Tuan (Geography/University of Wisconsin at Madison) attempts to elevate the idea of the aesthetic to what he considers its proper place in the social context, in particular to its place as the impetus behind the formation and sustaining of cultural systems. In the aesthetic (which Tuan defines as ``senses come to life''), the author believes he's found the driving force behind— and the goal of—life, bringing it joy and giving it form. The aesthetic, he says, can be found reflected on every level of our existence. Tuan starts by poking around in the philosophical mode, examining the aesthetic expressions of our senses—fragrances, music, visual stimuli, the panoply of sounds—in some detail. He then muses over four diverse cultural/aesthetic milieus: those of Australian aborigines, medieval Europeans, Chinese, and modern Americans. Tuan's ruminations—on songlines and eremites, cathedrals and old hometowns, symbolic spaces and the state—are entertaining, and the breadth of his research is dazzling.
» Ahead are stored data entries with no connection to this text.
Theorem cylinders_not_cover : c < 1 -> (forall N, sum_f_R0 (fun i => / 2 ^ K i) N <= c) ->
  exists beta, forall i, ~ P i beta.
Proof.
  intros Hc Hsum. exists light_limit. intros i Hi.
  assert (H0 : light 0 (fun _ => false)).
  { intro N. eapply Rle_trans; [|apply (Hsum N)]. apply sum_Rle. intros k _.
    unfold weight. destruct (excluded_middle_informative _).
    - rewrite Nat.sub_0_r. lra.
    - left; apply Rinv_0_lt_compat, pow2_pos. }
  assert (Hone : weight i (K i) (light_path (K i)) = 1).
  { unfold weight. destruct (excluded_middle_informative _) as [_|Hn].
    - rewrite Nat.sub_diag. simpl. lra.
    - exfalso; apply Hn. exists light_limit. split; [exact Hi|].
      intros j Hj. symmetry; apply light_path_limit, Hj. }
  pose proof (light_path_light (K i) H0 i).
  pose proof (term_le_sum_f_R0 (fun k => weight k (K i) (light_path (K i))) i
    (fun k => weight_nonneg _ _ _)).
  simpl in *. lra.
Qed.

End CylinderCover.

Lemma least_index_le (a : nat -> R) (r : R) :
  (exists n, a n <= r) -> exists K, a K <= r /\ forall j, (j < K)%nat -> r < a j.
Proof.
  intro Hex.
  destruct (Wf_nat.dec_inh_nat_subset_has_unique_least_element (fun n => a n <= r)
    (fun n => classic _) Hex) as [K [[HK Hmin] _]].
  exists K. split; [exact HK|]. intros j Hj.
  destruct (Rlt_le_dec r (a j)) as [Hlt|Hle]; [exact Hlt|]. specialize (Hmin j Hle). lia.
Qed.

Lemma hpow_nonneg (r s : R) : 0 <= hpow r s.
Proof. unfold hpow. destruct (Rlt_dec 0 r); [left; apply exp_pos|lra]. Qed.

(* The distance exponent grows like [4 K] while the depth is [K], hence the threshold
   [4 s <= ln 2]. *)
Lemma inv_pow2_le_hpow (s r : R) (K : nat) : 0 < s -> 4 * s <= ln 2 ->
  exp (- INR (4 * K + 8)) <= r -> / 2 ^ K <= 4 * hpow r s.
Proof.
  intros Hs Hs4 Hr.
  assert (Hr0 : 0 < r) by (pose proof (exp_pos (- INR (4 * K + 8))); lra).
  unfold hpow. destruct (Rlt_dec 0 r) as [_|]; [|lra].
  assert (Hexp : Rpower 2 (- INR (K + 2)) <= Rpower r s).
  { apply Rle_trans with (Rpower (exp (- INR (4 * K + 8))) s);
      [|apply Rle_Rpower_l; [lra|split; [apply exp_pos|exact Hr]]].
    unfold Rpower. rewrite ln_exp. apply exp_le_compat.
    rewrite !plus_INR, mult_INR. simpl (INR 2). simpl (INR 4). simpl (INR 8).
    pose proof (pos_INR K). nra. }
  rewrite Rpower_Ropp, Rpower_pow, pow_add in Hexp by lra.
  pose proof (pow2_pos K). simpl (2 ^ 2) in Hexp. rewrite Rinv_mult in Hexp. lra.
Qed.

Lemma embed_agree_below (U : G2 -> Prop) (r : R) (b g : nat -> bool) (j : nat) :
  (forall x y, U x -> U y -> Defs.dist x y <= r) -> U (embed b) -> U (embed g) ->
  r < exp (- INR (4 * j + 8)) -> b j = g j.
Proof.
  intros Hdiam Hb Hg Hr. destruct (bool_dec (b j) (g j)) as [E|E]; [exact E|].
  pose proof (embed_dist_ge b g j E). pose proof (Hdiam _ _ Hb Hg). lra.
Qed.

Lemma embed_preimage_cylinder (U : G2 -> Prop) (r s : R) (m : nat) :
  0 < s -> 4 * s <= ln 2 -> (forall x y, U x -> U y -> Defs.dist x y <= r) ->
  exists K : nat,
    (forall b g j, U (embed b) -> U (embed g) -> (j < K)%nat -> b j = g j) /\
    / 2 ^ K <= 4 * hpow r s + / 2 ^ m.
Proof.
  intros Hs Hs4 Hdiam.
  assert (Hm : 0 < / 2 ^ m) by apply Rinv_0_lt_compat, pow2_pos.
  pose proof (hpow_nonneg r s).
  destruct (Rlt_le_dec 0 r) as [Hr|Hr].
  - destruct (least_index_le (fun j => exp (- INR (4 * j + 8))) r) as [K [HK Hbelow]].
    { destruct (INR_unbounded (- ln r)) as [n Hn]. exists n.
      rewrite <- (exp_ln r Hr). apply exp_le_compat.
      pose proof (le_INR n (4 * n + 8) ltac:(lia)). lra. }
    exists K. split.
    + intros b g j Hb Hg Hj. exact (embed_agree_below U r b g j Hdiam Hb Hg (Hbelow j Hj)).
    + pose proof (inv_pow2_le_hpow s r K Hs Hs4 HK). lra.
  - exists m. split; [|lra].
    intros b g j Hb Hg _. apply (embed_agree_below U r b g j Hdiam Hb Hg).
    pose proof (exp_pos (- INR (4 * j + 8))). lra.
Qed.

Lemma sum_inv_pow2_shift (N : nat) : sum_f_R0 (fun i => / 2 ^ (i + 3)) N = 1/4 - / 2 ^ (N + 3).
Proof.
  induction N as [|N IH]; simpl sum_f_R0; [simpl; lra|].
  rewrite IH. replace (S N + 3)%nat with (S (N + 3)) by lia.
  simpl (2 ^ S _). rewrite Rinv_mult. lra.
Qed.

Theorem corollary6p7 :
  hausdorff_dim_ge (fun _ : G2 => True) (ln 2 / 6).
Proof.
  intros s Hs Hnull.
  destruct (Rle_lt_dec (ln 2 / 6) s) as [Hle|Hlt]; [exact Hle|exfalso].
  assert (Hs4 : 4 * s <= ln 2) by lra.
  destruct (Hnull 1 (1/8) ltac:(lra) ltac:(lra)) as [U [r [Hcov [_ [Hdiam Hsum]]]]].
  destruct (choice _ (fun i => embed_preimage_cylinder (U i) (r i) s (i + 3) Hs Hs4 (Hdiam i)))
    as [K HK].
  destruct (cylinders_not_cover (fun i b => U i (embed b)) K (fun i => proj1 (HK i)) (3/4))
    as [beta Hbeta].
  - lra.
  - intro N.
    apply Rle_trans with (sum_f_R0 (fun i => hpow (r i) s * 4 + / 2 ^ (i + 3)) N).
    + apply sum_Rle. intros i _. rewrite Rmult_comm. exact (proj2 (HK i)).
    + rewrite sum_plus, <- scal_sum, sum_inv_pow2_shift.
      pose proof (Hsum N). pose proof (pow2_pos (N + 3)).
      assert (0 < / 2 ^ (N + 3)) by (apply Rinv_0_lt_compat; lra). lra.
  - destruct (Hcov (embed beta) I) as [i Hi]. exact (Hbeta i Hi).
Qed.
But his meditations are left hanging: The linkages he hopes to construct- -between culture, nature, and the aesthetic; between the couplets of good/beautiful and moral/aesthetic—never fuse, regardless of how many curiosities are trotted out. Indeed, his legion of facts and anecdotes can come suffocatingly fast and furious. More problematical still are the times when soporifics lay thick on the ground (``metaphor reaches backward into synesthetic tendency and forward into symbol''). Tuan is a connoisseur of the arcane tidbit, but synthesis is not his forte.